Auf lange Sicht bleibt stotternden Menschen – wollen sie nicht ins soziale Abseits geraten – nichts anderes übrig, als sich ihren Ängsten zu stellen. „Spätestens wenn man erwachsen wird, muss man lernen, für sich selbst einzustehen und konfrontativ mit der Behinderung umzugehen“, findet Hummes-Fabianek. Die BVSS hofft, dass die Stotternden dabei irgendwann auf eine größere gesellschaftliche Sensibilität gegenüber ihrer Sprechstörung stoßen. Bis dahin unterstützt sie Betroffene dabei, trotz ihrer Sprechstörung ein starkes Selbstbewusstsein zu entwickeln.
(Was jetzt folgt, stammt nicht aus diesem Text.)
Lemma quotient_locally_primitive : locally_primitive [set: V] adj G (@pact V) ->
  locally_primitive (norbs N) (qadj adj) (G / N) cact.
Proof.
move=> lpG B /norbsP[u ->]; have [_ blocks] := lpG u (in_setT u); split.
  by move=> B1 B2 /[!inE] /andP[NB1 uB1] /andP[NB2 uB2]; apply: quotient_stab_transitive_adj.
move=> X [sX blockX] nX; set Y := [set w in nbhd [set: V] adj u | O w \in X].
have XE : X = [set O w | w in Y].
  apply/setP => C; apply/idP/imsetP => [XC|[w /[!inE] /andP[_ Xw] ->] //].
  have := subsetP sX C XC; rewrite qnbhdE => /imsetP[w uw Cw].
  by exists w; rewrite // inE uw -Cw XC.
have blockY : is_block (gstab G (@pact V) u) (@pact V) (nbhd [set: V] adj u) Y.
  split=> [|h /[!inE] /andP[Gh /eqP hu]]; first by apply/subsetP => w /[!inE] /andP[].
  rewrite gimage_nbhd_preimage //.
  case: (blockX (coset N h) (quotient_stab Gh hu)) => [->|dX]; [by left | right].
  rewrite -setI_eq0; apply/eqP/setP => w; rewrite !inE.
  by apply/negP => /andP[/andP[_ wX'] /andP[_ wX]]; rewrite (disjointFr dX wX') in wX.
have nY : Y != set0 by apply: contraNneq nX => Y0; rewrite XE Y0 imset0.
case: (blocks Y blockY nY) => [Y1|YE]; [left | right].
  by rewrite XE (leq_trans (leq_imset_card _ _)).
by rewrite XE YE -qnbhdE.
Qed.

Hypothesis maxN : forall M : {group {perm V}},
  M <| G -> N \subset M -> 3 <= #|norbs M| -> M :=: N.

Lemma quotient_normal_norbits_le2 (M : {group coset_of N}) : M <| G / N -> M :!=: 1 ->
  norbits M cact (norbs N) <= 2.
Proof.
move=> nsM ntM; apply: leq_trans (norbits_quotient_le M) _; rewrite leqNgt.
apply: contra ntM => M'3; have nsM' : coset N @*^-1 M <| G.
  by rewrite -(quotientGK nsNG) cosetpre_normal.
by rewrite -(cosetpreK M) (maxN nsM' (sub_cosetpre M) M'3) trivg_quotient.
Qed.

Lemma quotient_quasiprimitive :
  quasiprimitive_on (G / N) cact (norbs N) \/ biquasiprimitive_on (G / N) cact (norbs N).
Proof.
apply: quasiprimitive_or_biquasiprimitive => [B _||]; first exact: cact1.
  by case: dtG => _ trG _; apply: transitive_quotient nNG trG.
exact: quotient_normal_norbits_le2.
Qed.

End QuotientGraph.

Theorem theorem4p1 (V : finType) (adj : rel V) (G N : {group {perm V}}) :
  symmetric adj -> irreflexive adj ->
  (forall g x y, g \in G -> adj (g x) (g y) = adj x y) ->
  (forall x y : V, connect adj x y) ->
  dist_transitive [set: V] adj G (@pact V) 2 ->
  ~ (exists m b, 3 <= m /\ 2 <= b /\ is_Kmb adj m b) ->
  N <| G -> 3 <= #|norbs N| ->
  (forall M : {group {perm V}}, M <| G -> N \subset M -> 3 <= #|norbs M| -> M :=: N) ->
  [/\ semiregular N,
      [/\
      quasiprimitive_on (G / N) (@cact V N) (norbs N) \/
        biquasiprimitive_on (G / N) (@cact V N) (norbs N)
      & is_cover adj N],
      (complete_graph (norbs N) (qadj adj) /\
         arc_transitive (norbs N) (qadj adj) (G / N) (@cact V N)) \/
      (~ complete_graph (norbs N) (qadj adj) /\
         dist_transitive (norbs N) (qadj adj) (G / N) (@cact V N) 2),
      (locally_primitive [set: V] adj G (@pact V) ->
         locally_primitive (norbs N) (qadj adj) (G / N) (@cact V N)) &
      (odd #|V| -> odd #|norbs N|)].
Proof.
move=> adj_sym adj_irr adjG adj_connect dtG notK nsNG norbs_ge3 maxN.
split; first by apply: (semiregular_N (G := G)).
- by split; [apply: (quotient_quasiprimitive dtG) | apply: (cover_quotient (G := G))].
- have [complete|ncomplete] := classic (complete_graph (norbs N) (qadj adj)).
    by left; split=> //; apply: quotient_arc_transitive.
  by right; split=> //; apply: quotient_dist_transitive.
- by apply: quotient_locally_primitive.
- by apply: (odd_norbs (G := G)).
Qed.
Ausschließlich auf mehr Entgegenkommen von außen zu setzen, empfiehlt Hummes-Fabianek allerdings nicht: „Stottern ist keine sichtbare Behinderung. Betroffene können deshalb nicht erwarten, dass die Welt sich auf sie zu bewegt. Man muss mutig sein und immer zuerst bei sich selbst anfangen.“
Auch für Stotterer, die offen mit ihrer Behinderung umgehen, ist jeder Tag eine Herausforderung, denn Stottern ist in hohem Maße abhängig von Situationen und Tagesform. Wenn das emotionale Gleichgewicht gestört ist – zum Beispiel aufgrund von Stress, Nervosität oder Konflikten im Privatleben – ist die Wahrscheinlichkeit zu stottern höher als an guten Tagen. Stottern kann so auch ein Indikator für die Angst vorm Zahnarztbesuch sein.
Forschung gestern...
Die Ätiologie des Stotterns beschäftigt Wissenschaftler schon seit Jahrtausenden. Im antiken Griechenland glaubten die Gelehrten, der Grund sei eine zu trockene Zunge. Diese Option wurde mittlerweile natürlich widerlegt, auf eine einzige Theorie konnten sich Forscher aber bis heute nicht einigen. „Es gibt hunderte Erklärungen. Jede Zeit hat ihre eigenen Ansätze“, sagt Stotter-Experte Sommer.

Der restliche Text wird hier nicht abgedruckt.